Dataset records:

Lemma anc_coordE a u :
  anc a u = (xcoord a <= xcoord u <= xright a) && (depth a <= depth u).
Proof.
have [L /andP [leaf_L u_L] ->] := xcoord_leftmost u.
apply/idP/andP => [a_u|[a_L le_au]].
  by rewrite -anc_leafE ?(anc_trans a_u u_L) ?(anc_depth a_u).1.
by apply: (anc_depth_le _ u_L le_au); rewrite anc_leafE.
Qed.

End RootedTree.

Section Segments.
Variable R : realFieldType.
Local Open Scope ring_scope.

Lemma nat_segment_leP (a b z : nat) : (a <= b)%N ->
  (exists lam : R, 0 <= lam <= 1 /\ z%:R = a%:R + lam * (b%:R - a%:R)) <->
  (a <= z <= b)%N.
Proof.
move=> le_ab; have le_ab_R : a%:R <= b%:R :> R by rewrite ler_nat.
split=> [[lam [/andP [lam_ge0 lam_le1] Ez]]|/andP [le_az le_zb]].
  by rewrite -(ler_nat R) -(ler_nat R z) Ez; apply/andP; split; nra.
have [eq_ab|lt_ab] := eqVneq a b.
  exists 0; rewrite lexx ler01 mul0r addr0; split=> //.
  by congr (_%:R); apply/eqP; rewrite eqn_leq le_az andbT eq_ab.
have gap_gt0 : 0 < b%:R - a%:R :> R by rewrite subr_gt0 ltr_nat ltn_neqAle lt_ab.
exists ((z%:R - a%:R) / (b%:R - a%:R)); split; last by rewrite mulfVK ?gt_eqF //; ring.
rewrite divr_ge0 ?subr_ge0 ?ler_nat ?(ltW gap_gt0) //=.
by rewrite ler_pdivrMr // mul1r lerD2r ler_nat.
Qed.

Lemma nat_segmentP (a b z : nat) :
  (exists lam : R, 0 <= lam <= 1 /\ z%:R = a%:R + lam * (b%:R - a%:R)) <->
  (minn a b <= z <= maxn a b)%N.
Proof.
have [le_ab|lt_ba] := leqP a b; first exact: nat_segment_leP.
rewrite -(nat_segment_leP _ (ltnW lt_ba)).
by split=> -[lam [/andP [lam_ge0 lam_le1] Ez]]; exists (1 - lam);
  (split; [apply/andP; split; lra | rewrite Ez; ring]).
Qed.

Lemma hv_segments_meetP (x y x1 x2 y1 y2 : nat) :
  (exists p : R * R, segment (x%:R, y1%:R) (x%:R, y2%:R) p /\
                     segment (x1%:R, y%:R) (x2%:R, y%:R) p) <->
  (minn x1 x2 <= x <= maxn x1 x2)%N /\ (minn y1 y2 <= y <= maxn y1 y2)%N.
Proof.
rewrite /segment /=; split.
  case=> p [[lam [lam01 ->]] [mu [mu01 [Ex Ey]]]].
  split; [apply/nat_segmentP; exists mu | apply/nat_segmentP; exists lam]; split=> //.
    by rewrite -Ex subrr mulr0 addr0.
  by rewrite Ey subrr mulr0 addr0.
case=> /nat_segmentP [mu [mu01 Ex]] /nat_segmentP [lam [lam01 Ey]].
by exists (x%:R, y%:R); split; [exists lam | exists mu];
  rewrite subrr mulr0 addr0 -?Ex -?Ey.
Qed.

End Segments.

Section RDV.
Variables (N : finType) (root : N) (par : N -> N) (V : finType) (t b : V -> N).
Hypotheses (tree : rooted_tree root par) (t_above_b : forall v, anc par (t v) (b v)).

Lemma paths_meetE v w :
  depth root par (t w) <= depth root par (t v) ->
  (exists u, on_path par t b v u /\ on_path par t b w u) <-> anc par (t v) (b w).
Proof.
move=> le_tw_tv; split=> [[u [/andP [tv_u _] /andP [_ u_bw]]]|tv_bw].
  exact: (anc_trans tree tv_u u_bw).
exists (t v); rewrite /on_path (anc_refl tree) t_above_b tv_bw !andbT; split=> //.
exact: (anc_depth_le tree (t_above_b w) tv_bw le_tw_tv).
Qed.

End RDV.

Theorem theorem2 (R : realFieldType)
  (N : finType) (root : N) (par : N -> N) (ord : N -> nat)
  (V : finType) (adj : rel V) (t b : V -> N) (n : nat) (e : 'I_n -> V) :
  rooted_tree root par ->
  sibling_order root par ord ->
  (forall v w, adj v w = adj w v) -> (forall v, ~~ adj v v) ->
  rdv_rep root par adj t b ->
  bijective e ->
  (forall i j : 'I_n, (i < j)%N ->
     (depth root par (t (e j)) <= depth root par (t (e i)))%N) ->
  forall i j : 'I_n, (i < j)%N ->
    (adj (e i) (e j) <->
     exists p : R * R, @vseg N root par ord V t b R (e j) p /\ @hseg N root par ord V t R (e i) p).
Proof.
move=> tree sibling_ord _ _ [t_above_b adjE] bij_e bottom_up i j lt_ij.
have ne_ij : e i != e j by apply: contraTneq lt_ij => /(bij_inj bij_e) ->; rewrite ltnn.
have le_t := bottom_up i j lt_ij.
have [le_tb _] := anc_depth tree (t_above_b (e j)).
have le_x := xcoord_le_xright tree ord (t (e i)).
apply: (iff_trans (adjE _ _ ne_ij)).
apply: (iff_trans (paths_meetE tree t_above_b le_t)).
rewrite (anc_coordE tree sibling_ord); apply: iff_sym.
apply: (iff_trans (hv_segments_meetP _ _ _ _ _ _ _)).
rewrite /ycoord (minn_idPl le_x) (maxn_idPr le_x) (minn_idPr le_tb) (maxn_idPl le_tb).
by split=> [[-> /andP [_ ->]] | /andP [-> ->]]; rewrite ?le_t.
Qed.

WORK ITEM =>
Print exactly the lines above from the one with "exact: (anc_depth_le tree" to the one with "(forall v w, adj", including both.

EXPECTED OUTPUT =>
exact: (anc_depth_le tree (t_above_b w) tv_bw le_tw_tv).
Qed.

End RDV.

Theorem theorem2 (R : realFieldType)
  (N : finType) (root : N) (par : N -> N) (ord : N -> nat)
  (V : finType) (adj : rel V) (t b : V -> N) (n : nat) (e : 'I_n -> V) :
  rooted_tree root par ->
  sibling_order root par ord ->
  (forall v w, adj v w = adj w v) -> (forall v, ~~ adj v v) ->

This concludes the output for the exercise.